Сегодня лейтенант Васенев, побывав у комбрига, сообщил подрывникам, что вечером пойдут на новое задание — мелкими группами в разные стороны.

Перед уходом на задание Качанов решил наведать штабную палатку. Выбрал такое время, когда комбриг, как полагал Мишка, куда-то отлучился. А командир никуда не отлучился, а скрылся в палатке — готовил документы в штаб. Гвардейцы заметили, что Давыдов любил уединяться в палатке надолго — видимо, канцелярия тоже отнимала время.

Возле палатки осталась Анюта да кружился связной Лешка.

Метрах в ста от штаба сохранилась глубокая ямка с весенней водой, и Анюта выстирала в ней Лешкину гимнастерку, нательную рубашку, комбриговы подворотнички. Растянула от сосны до сосны антенну и развешивала на ней белье. В этот момент и появился Мишка Качанов. Он ловко разогнал под гимнастеркой складочки, начисто обтер сапоги травой и до того старательно, что носки позеленели. Мишка за последние дни похудел, сытость с лица, словно корова слизнула. От этого чернобровое лицо стало мужественнее и красивее.

— Здравия желаю, товарищ радист! — изящно и лихо козырнул Качанов. — Шел мимо и дай, думаю, зайду, визит вежливости, так сказать.

Анюта насмешливо повела на него глазами и ответила, прилаживая на проволоку носовой платок, подрубленный по краям синими нитками.

— Между прочим, я старшина.

— О! — воскликнул Мишка, поправляя пилотку, чтобы она пофасонистее сидела на голове. — Приятно изумлен! Но, между прочим, старшина — самое вредное звание.

— А я не знала, — улыбнулась Анюта.

— Упущение. Это знают все — от солдата до маршала.

— Ой ли?

— Ну, солдат в подчинении, старшина над ним начальник, а маршал, понимаете ли, тоже в свое время был солдатом. Все маршалы были солдатами.

— Верно.

— Все мечтают быть маршалами, один я нет, ни к чему мне это. Но раз уж я про старшину — проверено опытом. Был у меня закадычный друг, водой не разольешь, огнем не разлучишь. И что же? Бах! — присвоили ему звание старшины. А вот до них, — Мишка похлопал себя по погону, — старшина носил четыре треугольника на каждой петлице, пилу, одним словом. Нацепил мой друг пилу и другим сделался.

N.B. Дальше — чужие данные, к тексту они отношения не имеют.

(* Let $I\subset\mathbb{R}$ be an open interval, $W\subset I$ countable, and $\hat I$ the divided interval of $I$ at $W$. If $\mathcal{F}$ is a $G$ local system on $\hat I$ (for any $k$-linear group $G$), then for every basis interval $H\subset\hat I$ the restriction map $\mathcal{F}(H)\to\mathcal{F}(\operatorname{trim} H)$ is an isomorphism.
   Context: The divided interval of $I$ at $W$ is the set $\hat I = \{w^{L}, \hat w, w^{R} : w\in W\}\sqcup (I\smallsetminus W)$, with $\pi\colon\hat I\to I$ sending $w^L,\hat w,w^R$ to $w$ and fixing $I\smallsetminus W$; it is totally ordered so that $\pi$ is order preserving and $w^L<\hat w<w^R$. For $a,b\in\hat I\cup\{\pm\infty\}$, $(a,b)=\{s: a<s<b\}$; basis intervals are the nonempty $(a,b)$ other than those with $a=w^L$ or $b=w^R$, and they generate the topology of $\hat I$. For a basis interval $H$, $\operatorname{trim}H$ is $H$ with its least element and its greatest element removed (if they exist); it is again a basis interval. A $k$-linear group $G$ is a subgroup of $\mathrm{GL}(R_G)$ for a finite-dimensional $k$-vector space $R_G$; $\mathcal{C}_G$ is the smallest subcategory of $k$-vector spaces containing $R_G$ and the morphisms $G$ and having all limits and filtered colimits; a $G$ local system is a locally constant sheaf with values in $\mathcal{C}_G$ all of whose stalks are isomorphic to $R_G$. *)

From HB Require Import structures.
From mathcomp Require Import all_boot all_order all_algebra.
From mathcomp Require Import all_classical all_reals.
Set Implicit Arguments. Unset Strict Implicit. Unset Printing Implicit Defensive.
Import Order.TTheory GRing.Theory Num.Theory.
Local Open Scope classical_set_scope.
Local Open Scope ring_scope.

Definition open_interval (R : realType) (I : set R) : Prop :=
  exists a b : \bar R, I = [set x | (a < x%:E)%E /\ (x%:E < b)%E].

(* An element is a pair (x, t) with x in I and t in {0,1,2}; for x in W the  *)
(* tags 0,1,2 stand for x^L, \hat x, x^R; for x in I \ W only the tag 1 is   *)
(* allowed (the point x itself).  pi = first projection.                      *)
Section Divided.
Variables (R : realType) (I W : set R).
(* With s = sqrt (ln u), i.e. u = e^(s^2), the tail lower bound at t = s/2
   gives Q(s/2)^N <= e^(-N p) with N p = L u p >= L s / 2. *)
Lemma expR_add_normal_abs_cdf_half_sqrt_ln_le (L : R) (N : nat) :
  1 <= L -> 2 * L <= N%:R -> 4 <= Num.sqrt (ln (N%:R / L)) ->
  expR (- (L * (Num.sqrt (ln (N%:R / L)) / 2))) +
    Q (Num.sqrt (ln (N%:R / L)) / 2) ^+ N <=
  expR (- (L * (Num.sqrt (ln (N%:R / L)) / 4))).
Proof.
move=> L1 LN; set u := N%:R / L; set s := Num.sqrt (ln u) => s4.
have u2 : 2 <= u by rewrite ler_pdivlMr //; lra.
have Nu : N%:R = L * u by rewrite /u mulrCA divff ?mulr1 //; lra.
have us : u = expR (s ^+ 2).
  by rewrite sqr_sqrtr ?lnK ?posrE //; [lra | have := four_ninths_le_ln _ u2; lra].
have s0 : 0 <= s / 2 by lra.
set p := 3^-1 * expR (- (s / 2 + 1) ^+ 2 / 2).
have Qp : Q (s / 2) <= expR (- p).
  apply: le_trans (normal_abs_cdf_le_tail _ s0) _; rewrite -/p.
  by have := expR_ge1Dx (- p); lra.
have up : s / 2 <= u * p.
  rewrite us /p mulrCA -expRD.
  by have := expR_ge1Dx (s ^+ 2 + - (s / 2 + 1) ^+ 2 / 2); nra.
have Qpow : Q (s / 2) ^+ N <= expR (L * - (u * p)).
  apply: (@le_trans _ _ (expR (- p) ^+ N)).
    by rewrite lerXn2r ?nnegrE ?normal_abs_cdf_ge0 ?expR_ge0.
  by rewrite -expRM_natl Nu ler_expR; nra.
have sum : expR (- (s / 2)) + expR (- (u * p)) <= expR (- (s / 4)).
  have e1 : expR (- (u * p)) <= expR (- (s / 2)) by rewrite ler_expR; lra.
  rewrite (_ : - (s / 4) = - (s / 2) + s / 4) ?expRD; last lra.
  by have := expR_ge1Dx (s / 4); have := expR_gt0 (- (s / 2)); nra.
have := expR_sum_scale_le L (- (s / 2)) (- (u * p)) (- (s / 4)) L1 ltac:(lra)
  ltac:(lra) sum.
by move: Qpow; rewrite !mulrN; lra.
Qed.

End real_estimates.

Section neg_ln_laplace_max_abs.
Context {d} {T : measurableType d} {R : realType} (P : probability T R).
Variable xi : nat -> {RV P >-> R}.
Hypothesis iid : iid_std_gaussian xi.
Local Notation laplace N L :=
  (fine 'E_P[fun w => expR (- (L * max_abs xi N w))]%E).

Lemma laplace_max_abs_ge (N : nat) (L : R) : 0 < L -> 2 * L <= N%:R ->
  expR (- (L * (3 * Num.sqrt (ln (N%:R / L))) + 2 * L)) <= laplace N L.
Proof.
move=> L0 LN; have s0 := sqrtr_ge0 (ln (N%:R / L)).
have /andP[lo _] :=
  laplace_max_abs_bounds N L _ iid (ltW L0) (mulr_ge0 (ler0n _ 3) s0).
apply: le_trans lo; rewrite opprD expRD ler_pM2l ?expR_gt0 //.
exact: normal_abs_cdf_pow_ge.
Qed.

Lemma neg_ln_laplace_max_abs_le (N : nat) (L : R) : 0 < L -> 2 * L <= N%:R ->
  - ln (laplace N L) <= 6 * L * Num.sqrt (ln (N%:R / L)).
Proof.
move=> L0 LN; have s23 : 2 / 3 <= Num.sqrt (ln (N%:R / L)).
  by apply: two_thirds_le_sqrt_ln; rewrite ler_pdivlMr.
apply: le_trans (oppr_ln_le _ _ (laplace_max_abs_ge N L L0 LN)) _; nra.
Qed.

Lemma neg_ln_laplace_max_abs_ge (N : nat) (L : R) : 1 <= L -> 2 * L <= N%:R ->
  1 / 32 * L * Num.sqrt (ln (N%:R / L)) <= - ln (laplace N L).
Proof.
move=> L1 LN; have L0 : 0 < L by lra.
have pos := lt_le_trans (expR_gt0 _) (laplace_max_abs_ge N L L0 LN).
set s := Num.sqrt (ln (N%:R / L)); have s0 : 0 <= s by exact: sqrtr_ge0.
have [s4|s4] := leP s 4.
  have /andP[_ hi] := laplace_max_abs_bounds N L 4^-1 iid (ltW L0) ltac:(lra).
  have := oppr_ln_ge _ _ pos
    (le_trans hi (expR_add_normal_abs_cdf_quarter_le L N L1 LN)).
  by nra.
have /andP[_ hi] := laplace_max_abs_bounds N L (s / 2) iid (ltW L0) ltac:(lra).
have := oppr_ln_ge _ _ pos
  (le_trans hi (expR_add_normal_abs_cdf_half_sqrt_ln_le L N L1 LN (ltW s4))).
by rewrite -/s; have := mulr_ge0 (ltW L0) s0; nra.
Qed.

End neg_ln_laplace_max_abs.

Theorem lemma6 (d : measure_display) (T : measurableType d) (R : realType)
    (P : probability T R) (xi : nat -> {RV P >-> R}) :
  iid_std_gaussian xi ->
  (exists c1 : R, 0 < c1 /\
    forall (L : R) (N : nat), 0 < L -> (1 <= N)%N -> 2 * L <= N%:R ->
      - ln (fine 'E_P[fun w => expR (- (L * max_abs xi N w))])
        <= c1 * L * Num.sqrt (ln (N%:R / L))) /\
  (exists c2 : R, 0 < c2 /\
    forall (L : R) (N : nat), 1 <= L -> (1 <= N)%N -> 2 * L <= N%:R ->
      - ln (fine 'E_P[fun w => expR (- (L * max_abs xi N w))])
        >= c2 * L * Num.sqrt (ln (N%:R / L))).
Proof.
move=> iid; split.
  exists 6; split=> [|L N L0 _]; first lra.
  exact: neg_ln_laplace_max_abs_le.
exists (1 / 32); split=> [|L N L1 _]; first lra.
exact: neg_ln_laplace_max_abs_ge.
Qed.
(* Let $G=(V,E)$ be a control flow graph and $p\in V$ a predicate node. For each maximal path from $p$ in $G$ there exists a maximal path from $p$ in $A_p$ with the same order of the first occurrences of all nodes from $V_p$, and vice versa (for each maximal path from $p$ in $A_p$ there exists a maximal path from $p$ in $G$ with the same order of the first occurrences of all nodes from $V_p$).
   Context: A control flow graph (CFG) is a finite directed graph $G=(V,E)$ in which every node has at most two outgoing edges; nodes with exactly two outgoing edges are predicate nodes. A path from $n_1$ is a nonempty finite or infinite sequence $n_1n_2\ldots$ of nodes with each adjacent pair an edge; it is maximal if it is infinite or its last node has no successor. For a node $p$, $V_p$ is the set of nodes occurring on all maximal paths from $p$ in $G$ (so $p\in V_p$). For $V'\subseteq V$, a $V'$-interval from $x$ to $y$ is a finite path $n_1\ldots n_k$ in $G$ with $k\ge 2$, $n_1=x\in V'$, $n_k=y\in V'$, and $n_i\notin V'$ for all $1<i<k$. $A_p$ is the directed graph with node set $V_p$ and an edge $(x,y)$ iff there is a $V_p$-interval from $x$ to $y$ in $G$. Paths and maximal paths in $A_p$ are defined as in $G$. *)

From mathcomp Require Import all_boot.
Set Implicit Arguments. Unset Strict Implicit. Unset Printing Implicit Defensive.

(* A (finite or infinite) path is represented by a function [f : nat -> V]
   together with a length [len : option nat]:
   - [len = None]   : the infinite path f 0, f 1, f 2, ...
   - [len = Some n] : the finite path f 0, ..., f (n-1) (requires n >= 1);
     values of f beyond index n-1 are irrelevant. *)

Section Paths.
Variable V : Type.
Variable R : V -> V -> Prop.

Definition in_range (len : option nat) (i : nat) : Prop :=
  match len with None => True | Some n => i < n end.

Definition is_path (f : nat -> V) (len : option nat) : Prop :=
  match len with
  | None => forall i, R (f i) (f i.+1)
  | Some n => 0 < n /\ forall i, i.+1 < n -> R (f i) (f i.+1)
  end.

Definition is_maximal_path (f : nat -> V) (len : option nat) : Prop :=
  is_path f len /\
  match len with
  | None => True
  | Some n => forall y, ~ R (f n.-1) y
  end.

Definition maximal_path_from (x : V) (f : nat -> V) (len : option nat) : Prop :=
  is_maximal_path f len /\ f 0 = x.

End Paths.

Definition first_occ (V : Type) (f : nat -> V) (len : option nat) (x : V) (i : nat) :=
  in_range len i /\ f i = x /\ forall j, j < i -> f j <> x.

Definition same_first_occ_order (V : Type) (S : V -> Prop)
  (f : nat -> V) (lf : option nat) (g : nat -> V) (lg : option nat) : Prop :=
  (forall x, S x -> ((exists i, first_occ f lf x i) <-> (exists i, first_occ g lg x i))) /\
  (forall x y, S x -> S y ->
     ((exists i j, first_occ f lf x i /\ first_occ f lf y j /\ i < j) <->
      (exists i j, first_occ g lg x i /\ first_occ g lg y j /\ i < j))).

Section CFG.
Variable V : finType.
Variable E : rel V.

Definition is_CFG : Prop := forall x : V, #|[set y | E x y]| <= 2.

Definition predicate_node (p : V) : Prop := #|[set y | E p y]| = 2.

Definition Vp (p : V) (x : V) : Prop :=
  forall f len, maximal_path_from (fun a b => E a b) p f len ->
    exists i, in_range len i /\ f i = x.

Definition interval (V' : V -> Prop) (x y : V) : Prop :=
  V' x /\ V' y /\
  exists (k : nat) (g : nat -> V),
    2 <= k /\ is_path (fun a b => E a b) g (Some k) /\ g 0 = x /\ g k.-1 = y /\
    (forall i, 0 < i -> i < k.-1 -> ~ V' (g i)).

(* edge relation of A_p; its node set is V_p (every edge joins V_p nodes,
   and paths from p in A_p stay inside V_p) *)
Definition Ap_edge (p : V) (x y : V) : Prop :=
  Vp p x /\ Vp p y /\ interval (Vp p) x y.

End CFG.

(* Cut a maximal path of G from p at its visits to V_p: consecutive visits are
   joined by V_p-intervals, so the visited nodes form a path of A_p with the same
   first occurrences.  If there are only finitely many visits, prolong it by any
   maximal path of A_p; its nodes lie in V_p and so already occur on the original
   path, and no first occurrence changes.  Conversely, expand each edge of a maximal
   path of A_p into an interval, whose inner nodes avoid V_p.  If that path is
   finite, its last node starts no interval, so any maximal path of G from it never
   meets V_p again and can be appended. *)

From mathcomp Require Import all_boot zify.
From Stdlib Require Import Classical ClassicalEpsilon.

Откуда что взялось: и пилит, и пилит, денно и нощно пилит. Я ему говорю — не надоело тебе пилить? А он хоть бы что, да еще за меня взялся, за своего друга.

— Видно, у вашего друга скверный характер оказался, — Анюта разговор поддерживала охотно. Гвардеец — парень веселый и симпатичный, за словом в карман лазить не любит. Она поглядывала на него с затаенной улыбкой, исподлобья, изучающе. А Мишку это распаляло.

— Ничего подобного! — горячо отозвался он. — У Сашки золотой характер, я-то его знаю! Но слушайте. Через энное количество времени — бах! Сашке лейтенанта дали, парень-то он, прямо скажу, башковитый. Заметьте, лейтенанта!

— Замечаю.

— И понимаете, снова вернулся в человеки, снова стал Сашкой с золотым характером. Во! Что ни говорите, а старшина — звание вредное.

Анюта встряхнула Лешкину гимнастерку и повесила на проволоку. Насмешливо повела глазами:

— Не хотите ли вы сказать... Я ведь тоже старшина.

— Сознаюсь, вы — приятное исключение из массового явления, я сразу хотел это сказать.

— Умеете подольстить.

— А как же! — удивился Мишка. — Иначе нельзя. Но я вот о чем думаю.

— О чем же?

— Земляки мы с вами или нет?

— Что же?

— Земляки!

Анюта рассмеялась. Кончила развешивать белье и поправила волосы у висков.

— Ей-богу! — заверил Мишка. — Истинно! Смотрите — я из Вологодской области. Слышали про такую?

— Предположим.

— В области нашей есть Белое озеро, из него можно попасть в Волгу и — здравствуй, Куйбышев! Выходит, оба живем на одной реке, значит, волжане. А?

— Далекая родня, — улыбнулась Анюта.

— Неважно, главное, что родня!

С просеки, которая врезалась в лес севернее лагеря донесся непонятный гул. Мишка прислушался, на всякие случай потрогал за спиной автомат — здесь ли? Кто знает, что это еще за шум. Серьезно-сосредоточенным сделалось лицо Анюты, она тоже устремила взгляд на просеку.

— Прошу извинить! — сказал Мишка Анюте. — Имею желание собственными глазами...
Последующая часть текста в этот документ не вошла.